На стоянке было темно, Брайан подошел к автомобилю с другой стороны. Ни сном ни духом не подозревая о существовании таблички, он остановился у светофора в черном квартале города, и на машину набросилась компания разъяренной молодежи. Лизл с Рафом следовали за Брайаном, пропустив вперед несколько машин, и видели, как юнцы колотили в окна, выдирали радио- и телефонную антенны, царапали дверцы и капот. Лизл поразилась, уличив себя в страстной надежде, что парням удастся взломать дверцы и выместить злобу на самом Брайане. Осознание, что она может желать что-то подобное, довело ее до тошноты. В душе каждого есть свои темные пятна, но, похоже, ее пороки все явственнее выступают на поверхность. Это ее встревожило.
Но Брайан умчался прежде, чем они успели до него добраться. До того как он вырвался, юнцы сорвали табличку и растерзали ее, так что он, несомненно, остался в полном недоумении по поводу причин нападения.
Лизл, однако, заметила, что теперь он ездит домой более длинным кружным путем.
— Сейчас все это кажется полным ребячеством, — сказала Лизл, снова встревожившись из-за открытых в себе темных пятен.

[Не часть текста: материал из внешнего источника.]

(* Let $X$ be a real Banach space and $M\subseteq X$ a topologically linearly independent set such that $M\cup\{0_X\}$ is a free basis of $X$. Let $N=\{m/\|m\| : m\in M\}$. Then there is an isomorphism of Banach spaces (bounded linear bijection with bounded inverse) $\phi\colon X\to\ell^1(N)$ with $\phi(n)=e_n$ for every $n\in N$, where $e_n$ is the indicator of $\{n\}$. In particular, $M$ is a (long) Schauder basis of $X$.
   Context: A subset $A\subseteq X\setminus\{0\}$ of a topological vector space $X$ is topologically linearly independent if for every neighborhood $W$ of $0$ there is a neighborhood $U$ of $0$ such that for every finite $F\subseteq A$ and reals $\{r_a: a\in F\}$, $\sum_{a\in F}r_a a\in U$ implies $r_a a\in W$ for all $a\in F$. A free basis of a Banach space $X$ is a closed subset $N_0\subseteq X$ containing $0_X$ such that for every Banach space $Y$ and every Lipschitz map $f\colon N_0\to Y$ with $f(0_X)=0_Y$ there is a unique bounded linear map $\hat f\colon X\to Y$ extending $f$. For a set $N$, $\ell^1(N)$ is the Banach space of all $x=(x_n)_{n\in N}$ with $\|x\|=\sum_{n\in N}|x_n|<\infty$ (so only countably many $x_n$ are nonzero). *)

From HB Require Import structures.
From mathcomp Require Import all_boot all_order all_algebra.
From mathcomp Require Import all_classical all_reals all_analysis.
Set Implicit Arguments. Unset Strict Implicit. Unset Printing Implicit Defensive.
Import Order.TTheory GRing.Theory Num.Theory.
Import numFieldNormedType.Exports.
Local Open Scope classical_set_scope.
Local Open Scope ring_scope.

Definition is_linear (R : realType) (X Y : normedModType R) (g : X -> Y) :=
  forall (a : R) (x y : X), g (a *: x + y) = a *: g x + g y.

Definition is_bounded (R : realType) (X Y : normedModType R) (g : X -> Y) :=
  exists C : R, forall x : X, `|g x| <= C * `|x|.

Definition top_lin_indep (R : realType) (X : normedModType R) (A : set X) :=
  A `<=` ~` [set 0] /\
  forall W : set X, nbhs (0 : X) W ->
  exists U : set X, nbhs (0 : X) U /\
    forall (F : seq X) (r : X -> R),
      uniq F -> (forall a, a \in F -> A a) ->
      U (\sum_(a <- F) r a *: a) ->
      forall a, a \in F -> W (r a *: a).

Definition lipschitz_on (R : realType) (X Y : normedModType R) (S : set X)
  (f : X -> Y) :=
  exists L : R, forall x y, S x -> S y -> `|f x - f y| <= L * `|x - y|.

(* A map N0 -> Y is represented by
   a total function X -> Y of which only the values on N0 matter. *)
Definition free_basis (R : realType) (X : completeNormedModType R) (N0 : set X) :=
  closed N0 /\ N0 0 /\
  forall (Y : completeNormedModType R) (f : X -> Y),
    lipschitz_on N0 f -> f 0 = 0 ->
    (exists g : X -> Y, [/\ is_linear g, is_bounded g & forall x, N0 x -> g x = f x]) /\
    (forall g1 g2 : X -> Y,
        is_linear g1 -> is_bounded g1 -> (forall x, N0 x -> g1 x = f x) ->
        is_linear g2 -> is_bounded g2 -> (forall x, N0 x -> g2 x = f x) ->
        g1 = g2).

(* ell^1(N) for N : set T, represented as functions T -> R vanishing off N
   whose absolute values have finite (unordered) sum over N. *)
Definition ell1 (R : realType) (T : choiceType) (N : set T) : set (T -> R) :=
  [set u | (forall t, ~ N t -> u t = 0) /\
           (\esum_(t in N) (`|u t|%:E) < +oo)%E].

Definition ell1_norm (R : realType) (T : choiceType) (N : set T) (u : T -> R) : R :=
  fine (\esum_(t in N) (`|u t|%:E))%E.

Definition unit_vec (R : realType) (T : choiceType) (n : T) : T -> R :=
  fun t => if t == n then 1 else 0.

From Pilot Require Import Defs.
From HB Require Import structures.
From mathcomp Require Import all_boot all_order all_algebra.
From mathcomp Require Import all_classical all_reals all_analysis.
From mathcomp Require Import ring lra.
Import Order.TTheory GRing.Theory Num.Theory.
Import numFieldNormedType.Exports.
Set Implicit Arguments. Unset Strict Implicit. Unset Printing Implicit Defensive.
Local Open Scope classical_set_scope.
Local Open Scope ring_scope.

(* Topological linear independence gives a uniform [d > 0] with
   [d * |r_a a| <= |sum_b r_b b|], so the points of [M `|` [set 0]] are uniformly
   separated and every map on them that is bounded by the norm is Lipschitz.
   Extending [m |-> (c |-> sgn (c (m / |m|)) * |m|)] to a bounded linear
   [G : X -> linfty (X -> R)] gives coordinates [x |-> G x (e_n)]; testing [G x]
   against sign patterns and using uniqueness of extensions bounds the l1 norm of
   the coordinates by [|G| * |x|].  Hence [sum_n x_n n] converges unconditionally;
   as a bounded linear map equal to the identity on the free basis it is the
   identity, which gives injectivity and the lower bound, and surjectivity follows
   by applying the continuous coordinates to [sum_n u_n n]. *)

Section LinearMaps.
Variables (R : realType) (X Y : normedModType R) (g : X -> Y).
Hypothesis g_lin : is_linear g.
(* Let $\widetilde{\Sigma}=\widetilde{\Sigma}_1\uplus\cdots\uplus\widetilde{\Sigma}_n$ with pairwise disjoint visibly pushdown alphabets $\widetilde{\Sigma}_i$. If $\prec$ is a visibly pushdown contextual order on $\widetilde{\Sigma}$ and $P_1\subseteq\widetilde{\Sigma}_1^*,\ldots,P_n\subseteq\widetilde{\Sigma}_n^*$ are well-matched visibly pushdown languages, then $\mathrm{red}_\prec(P_1\bowtie\cdots\bowtie P_n)$ is a visibly pushdown language.
   Context: A visibly pushdown (VP) alphabet is a finite alphabet partitioned into calls, returns and internals; $\widetilde{\Sigma}$ has as calls/returns/internals the unions. Calls and returns in a word are matched like opening and closing parentheses (internals ignored); unmatched ones are pending; a word is well-matched if none are pending. A visibly pushdown automaton (VPA) is a pushdown automaton with bottom symbol $\bot$ that pushes one non-$\bot$ symbol on each call, pops the top on each return (reading $\bot$ on empty stack without removing it), and leaves the stack unchanged on internals; visibly pushdown languages are those accepted by VPAs; deterministic = one initial state and at most one transition per configuration and letter; complete = at least one. Shuffle: $P_1\parallel\cdots\parallel P_n=\{w\in\widetilde{\Sigma}^*:\Pi_{\widetilde{\Sigma}_i}(w)\in P_i\ \forall i\}$, $\Pi_{\widetilde{\Sigma}_i}$ erasing letters outside $\widetilde{\Sigma}_i$. A word is well-nested if every matched call–return pair consists of letters from the same $\widetilde{\Sigma}_k$; $P_1\bowtie\cdots\bowtie P_n$ is the set of well-nested words of $P_1\parallel\cdots\parallel P_n$. $\mathbb{I}=\{(a,b):a\in\widetilde{\Sigma}_i,b\in\widetilde{\Sigma}_j,i\ne j\}$, $\equiv_{\mathbb{I}}$ the least reflexive transitive relation with $uabv\equiv_{\mathbb{I}}ubav$ for $(a,b)\in\mathbb{I}$. A contextual order is a map $\prec$ from $\widetilde{\Sigma}^*$ to strict total orders on $\widetilde{\Sigma}$; it induces $\preceq$: $\sigma\preceq\rho$ iff $\sigma$ is a prefix of $\rho$ or $\sigma=\alpha a\beta$, $\rho=\alpha b\gamma$ with $a\prec_\alpha b$. $\mathrm{red}_\prec(L)=\{w\in L:\forall u\in L,(u\equiv_{\mathbb{I}}w\wedge u\preceq w)\Rightarrow u=w\}$. $\prec$ is visibly pushdown if there is a complete deterministic VPA $A$ over $\widetilde{\Sigma}$ and a map $\mathsf{ord}$ from its states to strict total orders on $\widetilde{\Sigma}$ with $\prec_w=\mathsf{ord}(q)$, $q$ the state reached by $A$ after reading $w$. *)

From mathcomp Require Import all_boot.
From Stdlib Require Import Relations.

Set Implicit Arguments.
Unset Strict Implicit.
Unset Printing Implicit Defensive.

Inductive vkind := Call | Ret | Int.

Section VP.
Variable Sigma : finType.
Variable kind : Sigma -> vkind.

Fixpoint bal_aux (d : nat) (w : seq Sigma) : bool :=
  match w with
  | [::] => d == 0
  | a :: w' =>
      match kind a with
      | Call => bal_aux d.+1 w'
      | Ret => if d is d'.+1 then bal_aux d' w' else false
      | Int => bal_aux d w'
      end
  end.

Definition balanced (w : seq Sigma) : bool := bal_aux 0 w.

(* A call occurrence a and a return occurrence b in w = u a v b y are matched
   iff a is a call, b is a return, and the infix v strictly between them is
   balanced (i.e. matched like parentheses, internals ignored). *)

Definition well_matched (w : seq Sigma) : Prop :=
  forall u a x, w = u ++ a :: x ->
    (kind a = Call -> exists v b y, x = v ++ b :: y /\ kind b = Ret /\ balanced v) /\
    (kind a = Ret -> exists y c v, u = y ++ c :: v /\ kind c = Call /\ balanced v).

(* Stack symbols are drawn from gam (non-bottom symbols); the bottom symbol is
   represented by [None] / the empty stack. *)
Record vpa := VPA {
  vst : finType;
  vgam : finType;
  vinit : pred vst;
  vfinal : pred vst;
  dcall : vst -> Sigma -> vst -> vgam -> bool;
  dret : vst -> Sigma -> option vgam -> vst -> bool; (* None = reading bottom *)
  dint : vst -> Sigma -> vst -> bool
}.

Arguments vinit : clear implicits.
Arguments vfinal : clear implicits.

Definition config (A : vpa) := (vst A * seq (vgam A))%type.

(* one step of A on a letter (stack top is the head of the list) *)
Inductive vstep (A : vpa) : config A -> Sigma -> config A -> Prop :=
| StepCall q a q' g s :
    kind a = Call -> dcall q a q' g -> vstep (q, s) a (q', g :: s)
| StepRet q a q' g s :
    kind a = Ret -> dret q a (Some g) q' -> vstep (q, g :: s) a (q', s)
| StepRetBot q a q' :
    kind a = Ret -> dret q a None q' -> vstep (q, [::]) a (q', [::])
| StepInt q a q' s :
    kind a = Int -> dint q a q' -> vstep (q, s) a (q', s).

Inductive vrun (A : vpa) : config A -> seq Sigma -> config A -> Prop :=
| RunNil c : vrun c [::] c
| RunCons c a c' w c'' : vstep c a c' -> vrun c' w c'' -> vrun c (a :: w) c''.

Definition vaccepts (A : vpa) (w : seq Sigma) : Prop :=
  exists q0 c, vinit A q0 /\ vrun (q0, [::]) w c /\ vfinal A c.1.

Definition is_vpl (L : seq Sigma -> Prop) : Prop :=
  exists A : vpa, forall w, L w <-> vaccepts A w.

Definition vdeterministic (A : vpa) : Prop :=
  (exists q0, forall q, vinit A q <-> q = q0) /\
  (forall (c : config A) a c1 c2, vstep c a c1 -> vstep c a c2 -> c1 = c2).

Definition vcomplete (A : vpa) : Prop :=
  (exists q0, vinit A q0) /\ (forall (c : config A) a, exists c', vstep c a c').

Definition strict_total (r : rel Sigma) : Prop :=
  (forall a, ~~ r a a) /\
  (forall a b c, r a b -> r b c -> r a c) /\
  (forall a b, a != b -> r a b || r b a).

Definition contextual_order (prec : seq Sigma -> rel Sigma) : Prop :=
  forall w, strict_total (prec w).

Definition vp_contextual_order (prec : seq Sigma -> rel Sigma) : Prop :=
  contextual_order prec /\
  exists (A : vpa) (ord : vst A -> rel Sigma),
    vdeterministic A /\ vcomplete A /\
    (forall q, strict_total (ord q)) /\
    (forall w q0 (c : config A), vinit A q0 -> vrun (q0, [::]) w c -> prec w = ord c.1).

Definition word_le (prec : seq Sigma -> rel Sigma) (s r : seq Sigma) : Prop :=
  prefix s r \/
  exists al a be b ga, s = al ++ a :: be /\ r = al ++ b :: ga /\ prec al a b.

Variable n : nat.
Variable comp : Sigma -> 'I_n.  (* a \in Sigma~_i  iff  comp a = i *)

Definition proj (i : 'I_n) (w : seq Sigma) : seq Sigma :=
  filter (fun a => comp a == i) w.

Definition shuffle (P : 'I_n -> seq Sigma -> Prop) (w : seq Sigma) : Prop :=
  forall i, P i (proj i w).

Definition well_nested (w : seq Sigma) : Prop :=
  forall u a v b y, w = u ++ a :: v ++ b :: y ->
    kind a = Call -> kind b = Ret -> balanced v -> comp a = comp b.

Definition bowtie (P : 'I_n -> seq Sigma -> Prop) (w : seq Sigma) : Prop :=
  shuffle P w /\ well_nested w.

Inductive swap_step : seq Sigma -> seq Sigma -> Prop :=
| Swap u a b v : comp a != comp b -> swap_step (u ++ a :: b :: v) (u ++ b :: a :: v).

Definition equivI : seq Sigma -> seq Sigma -> Prop := clos_refl_trans _ swap_step.

Definition red (prec : seq Sigma -> rel Sigma) (L : seq Sigma -> Prop)
    (w : seq Sigma) : Prop :=
  L w /\ forall u, L u -> equivI u w -> word_le prec u w -> u = w.

End VP.

(* A word of P_1 ⋈ ... ⋈ P_n is not reduced iff one of its letters a, of
   component k, can be commuted to the left across a block b β of letters of
   other components, to a prefix α after which a ≺_α b.  Such a move stays in
   the language as soon as, when a is a return, the innermost pending call
   after α belongs to component k (a call is moved together with its matching
   return and the k-letters in between).  Hence whether a letter may be read
   next only depends on finitely many sets of "forbidden" letters, one per
   component, which are updated letter by letter from the current order and
   the component of the innermost pending call.  The reduced words are then
   recognised by running the order automaton and the automata of the P_i in
   parallel, keeping these sets in the state and the components of the
   pending calls on the stack. *)

From Stdlib Require Import Relations.
From mathcomp Require Import all_boot zify.

Set Implicit Arguments.
Unset Strict Implicit.
Unset Printing Implicit Defensive.

Lemma catI (T : Type) : right_injective (@cat T).
Proof. by elim=> //= x s IH a b [/IH]. Qed.

Lemma filter_nilP {T : Type} {p : pred T} {s} :
  reflect (filter p s = [::]) (all (fun x => ~~ p x) s).
Proof.
elim: s => [|x s IH] /=; first by constructor.
by case: (p x) => /=; [constructor | exact: IH].
Qed.

Lemma filter_eq_cat_cons (T : Type) (p : pred T) x y c z :
  filter p x = y ++ c :: z ->
  exists x1 x2, [/\ x = x1 ++ c :: x2, filter p x1 = y, filter p x2 = z & p c].
Proof.
elim: x y => [|a x IH] y /=; first by case: y.
case: ifP => pa; last first.
  by case/IH=> x1 [x2 [-> <- <- pc]]; exists (a :: x1), x2; rewrite /= pa.
case: y => [|b y] /= [<-]; first by move=> <-; exists [::], x.
by case/IH=> x1 [x2 [-> <- <- pc]]; exists (a :: x1), x2; rewrite /= pa.
Qed.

— Потому, что грязные трюки сослужили свою службу. Они продемонстрировали, что у него нет полной власти, и что на самом деле ты имеешь над ним власть. Ты можешь сделать его жизнь несчастной, когда пожелаешь, и можешь оставить его в покое, когда пожелаешь. Когда этого пожелаешь ты — вот в чем урок. А теперь, после того как ты его усвоила, можно переходить к другим вещам, оставив доктора Каллагена лежать по ночам без сна, гадая, кто, гадая, почему, гадая, что будет дальше.
— Я не желаю оставлять Эва в таком положении.
— Не беспокойся. Мы просто немножечко пошпионим за профессором Сандерсом. Вот и все. Посмотрим, чем он живет.
— И ничего больше. Обещаешь?
— Мне больше ничего и не надо, чтоб доказать, что он пустышка.
— На этот раз ты ошибаешься, Раф. По-моему, Эв один из тех, кто действительно представляет собой то, чем кажется.
— Таких не бывает, — отрезал Раф. — И я докажу тебе это сегодня, когда мы обыщем его квартиру.
У Лизл судорогой свело желудок. Ведь это же взлом и вторжение! Не слишком ли далеко они зайдут? Но отступать невозможно. Пока невозможно. Невозможно капитулировать перед Рафом с его теорией по поводу Эва. Ибо Лизл знает, что он ошибается.
— Не можем мы это сделать. Нет — ведь он будет дома…
— Его не будет, — заверил Раф. — Сегодня среда. Каждую среду по вечерам он уходит.
— В самом деле? — Ей с трудом верилось, что Эв вообще куда-то выходит. — Куда?
— Не знаю. Может быть, как-нибудь мы за ним проследим. Но сегодня воспользуемся достоинствами его нерушимого распорядка и пошарим в берлоге, посмотрим, чем он живет.